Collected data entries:
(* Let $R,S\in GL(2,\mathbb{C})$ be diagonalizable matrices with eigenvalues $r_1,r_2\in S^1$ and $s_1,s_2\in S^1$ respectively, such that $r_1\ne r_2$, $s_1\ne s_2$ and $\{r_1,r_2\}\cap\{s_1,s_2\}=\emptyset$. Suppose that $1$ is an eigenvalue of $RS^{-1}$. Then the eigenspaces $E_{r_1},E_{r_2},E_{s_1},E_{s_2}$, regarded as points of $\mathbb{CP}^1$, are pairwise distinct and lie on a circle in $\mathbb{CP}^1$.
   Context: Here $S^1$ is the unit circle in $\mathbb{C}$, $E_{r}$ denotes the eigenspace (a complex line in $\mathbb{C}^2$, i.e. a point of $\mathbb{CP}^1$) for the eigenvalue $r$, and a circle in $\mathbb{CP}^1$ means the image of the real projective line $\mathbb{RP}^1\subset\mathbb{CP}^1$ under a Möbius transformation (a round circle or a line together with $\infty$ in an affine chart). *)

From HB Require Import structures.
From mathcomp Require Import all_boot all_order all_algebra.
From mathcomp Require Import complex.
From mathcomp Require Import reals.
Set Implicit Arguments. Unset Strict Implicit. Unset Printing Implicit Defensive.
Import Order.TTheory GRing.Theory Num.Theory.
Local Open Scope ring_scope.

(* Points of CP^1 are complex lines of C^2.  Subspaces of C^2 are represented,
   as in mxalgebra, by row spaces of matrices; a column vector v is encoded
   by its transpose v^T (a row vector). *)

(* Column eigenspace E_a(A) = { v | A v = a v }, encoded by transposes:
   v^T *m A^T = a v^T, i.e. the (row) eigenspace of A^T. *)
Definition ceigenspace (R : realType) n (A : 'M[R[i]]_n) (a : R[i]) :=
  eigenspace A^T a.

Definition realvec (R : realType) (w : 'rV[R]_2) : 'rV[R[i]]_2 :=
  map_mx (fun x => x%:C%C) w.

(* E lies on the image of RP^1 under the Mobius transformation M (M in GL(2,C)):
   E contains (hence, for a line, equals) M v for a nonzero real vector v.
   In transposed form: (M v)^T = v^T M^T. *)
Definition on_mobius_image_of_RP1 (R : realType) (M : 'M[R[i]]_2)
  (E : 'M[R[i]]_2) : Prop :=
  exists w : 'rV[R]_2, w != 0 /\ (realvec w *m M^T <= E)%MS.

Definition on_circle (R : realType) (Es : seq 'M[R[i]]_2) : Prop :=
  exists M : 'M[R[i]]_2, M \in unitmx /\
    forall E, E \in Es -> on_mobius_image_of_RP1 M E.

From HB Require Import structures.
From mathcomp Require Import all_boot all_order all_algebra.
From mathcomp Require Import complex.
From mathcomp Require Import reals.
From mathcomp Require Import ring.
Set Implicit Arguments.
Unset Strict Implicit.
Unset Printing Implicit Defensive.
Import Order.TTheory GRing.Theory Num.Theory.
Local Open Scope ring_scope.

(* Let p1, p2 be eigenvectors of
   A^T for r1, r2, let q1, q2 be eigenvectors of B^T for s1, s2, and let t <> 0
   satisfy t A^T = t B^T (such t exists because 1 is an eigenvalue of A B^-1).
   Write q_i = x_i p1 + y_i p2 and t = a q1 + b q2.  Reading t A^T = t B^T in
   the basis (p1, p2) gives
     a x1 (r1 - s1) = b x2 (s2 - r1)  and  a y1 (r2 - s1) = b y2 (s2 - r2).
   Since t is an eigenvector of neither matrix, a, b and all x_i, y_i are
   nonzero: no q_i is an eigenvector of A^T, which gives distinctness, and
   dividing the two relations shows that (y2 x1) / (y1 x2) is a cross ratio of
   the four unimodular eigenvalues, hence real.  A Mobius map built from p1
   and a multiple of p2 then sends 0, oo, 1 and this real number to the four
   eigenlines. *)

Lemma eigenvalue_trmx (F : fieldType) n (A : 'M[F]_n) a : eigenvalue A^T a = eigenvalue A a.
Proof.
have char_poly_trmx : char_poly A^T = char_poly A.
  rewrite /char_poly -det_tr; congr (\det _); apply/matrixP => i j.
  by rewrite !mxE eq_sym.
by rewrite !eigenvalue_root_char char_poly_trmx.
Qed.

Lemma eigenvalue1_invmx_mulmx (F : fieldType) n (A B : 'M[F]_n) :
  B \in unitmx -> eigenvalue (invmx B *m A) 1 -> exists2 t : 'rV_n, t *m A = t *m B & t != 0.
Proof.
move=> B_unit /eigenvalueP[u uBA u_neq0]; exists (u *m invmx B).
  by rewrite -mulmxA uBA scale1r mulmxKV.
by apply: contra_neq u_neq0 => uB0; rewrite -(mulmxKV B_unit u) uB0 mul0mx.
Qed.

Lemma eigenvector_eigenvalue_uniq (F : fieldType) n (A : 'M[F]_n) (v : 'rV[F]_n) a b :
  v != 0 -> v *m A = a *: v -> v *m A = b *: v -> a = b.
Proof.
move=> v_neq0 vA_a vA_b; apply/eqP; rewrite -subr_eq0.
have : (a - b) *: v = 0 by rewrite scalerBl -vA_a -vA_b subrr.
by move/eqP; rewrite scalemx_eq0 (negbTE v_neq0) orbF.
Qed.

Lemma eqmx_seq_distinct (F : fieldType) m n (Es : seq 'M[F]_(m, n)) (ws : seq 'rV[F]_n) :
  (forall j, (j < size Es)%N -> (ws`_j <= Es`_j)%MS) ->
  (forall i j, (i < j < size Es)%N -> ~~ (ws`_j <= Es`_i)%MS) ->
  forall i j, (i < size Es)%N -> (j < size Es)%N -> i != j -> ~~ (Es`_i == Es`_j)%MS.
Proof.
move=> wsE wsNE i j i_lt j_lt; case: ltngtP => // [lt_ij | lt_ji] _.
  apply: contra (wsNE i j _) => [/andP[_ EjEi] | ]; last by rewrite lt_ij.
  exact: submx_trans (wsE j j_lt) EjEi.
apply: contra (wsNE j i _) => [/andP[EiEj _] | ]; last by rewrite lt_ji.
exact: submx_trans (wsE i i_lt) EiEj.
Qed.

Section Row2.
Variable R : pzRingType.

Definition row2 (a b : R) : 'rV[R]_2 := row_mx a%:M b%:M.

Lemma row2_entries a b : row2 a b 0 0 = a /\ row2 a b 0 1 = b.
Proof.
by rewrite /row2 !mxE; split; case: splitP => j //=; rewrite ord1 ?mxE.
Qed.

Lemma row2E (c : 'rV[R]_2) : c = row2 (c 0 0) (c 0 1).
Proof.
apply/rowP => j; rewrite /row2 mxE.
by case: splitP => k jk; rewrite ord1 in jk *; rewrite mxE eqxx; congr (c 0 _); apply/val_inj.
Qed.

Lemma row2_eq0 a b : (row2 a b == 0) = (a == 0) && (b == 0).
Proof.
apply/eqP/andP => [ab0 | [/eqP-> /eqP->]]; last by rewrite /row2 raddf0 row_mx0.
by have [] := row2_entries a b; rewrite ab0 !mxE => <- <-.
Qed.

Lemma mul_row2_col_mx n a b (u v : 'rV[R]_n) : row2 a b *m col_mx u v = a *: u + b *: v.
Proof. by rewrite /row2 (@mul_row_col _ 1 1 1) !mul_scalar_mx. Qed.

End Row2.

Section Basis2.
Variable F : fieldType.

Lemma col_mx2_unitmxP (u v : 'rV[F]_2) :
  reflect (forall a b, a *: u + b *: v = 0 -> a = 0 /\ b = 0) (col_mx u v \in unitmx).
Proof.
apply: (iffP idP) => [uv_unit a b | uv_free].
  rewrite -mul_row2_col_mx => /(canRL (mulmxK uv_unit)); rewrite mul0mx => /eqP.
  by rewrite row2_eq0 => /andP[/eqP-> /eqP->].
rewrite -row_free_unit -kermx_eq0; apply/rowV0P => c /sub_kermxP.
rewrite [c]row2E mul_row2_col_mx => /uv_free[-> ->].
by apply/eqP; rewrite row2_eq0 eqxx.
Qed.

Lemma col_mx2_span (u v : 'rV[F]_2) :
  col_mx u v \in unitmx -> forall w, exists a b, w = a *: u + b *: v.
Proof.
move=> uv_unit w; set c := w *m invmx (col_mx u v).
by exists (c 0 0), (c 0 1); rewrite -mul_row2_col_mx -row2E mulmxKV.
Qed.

Goal of the exercise:
Scan the data above and report each line in which "nonzero" is present.

Task solution:
   E contains (hence, for a line, equals) M v for a nonzero real vector v.
   nonzero: no q_i is an eigenvector of A^T, which gives distinctness, and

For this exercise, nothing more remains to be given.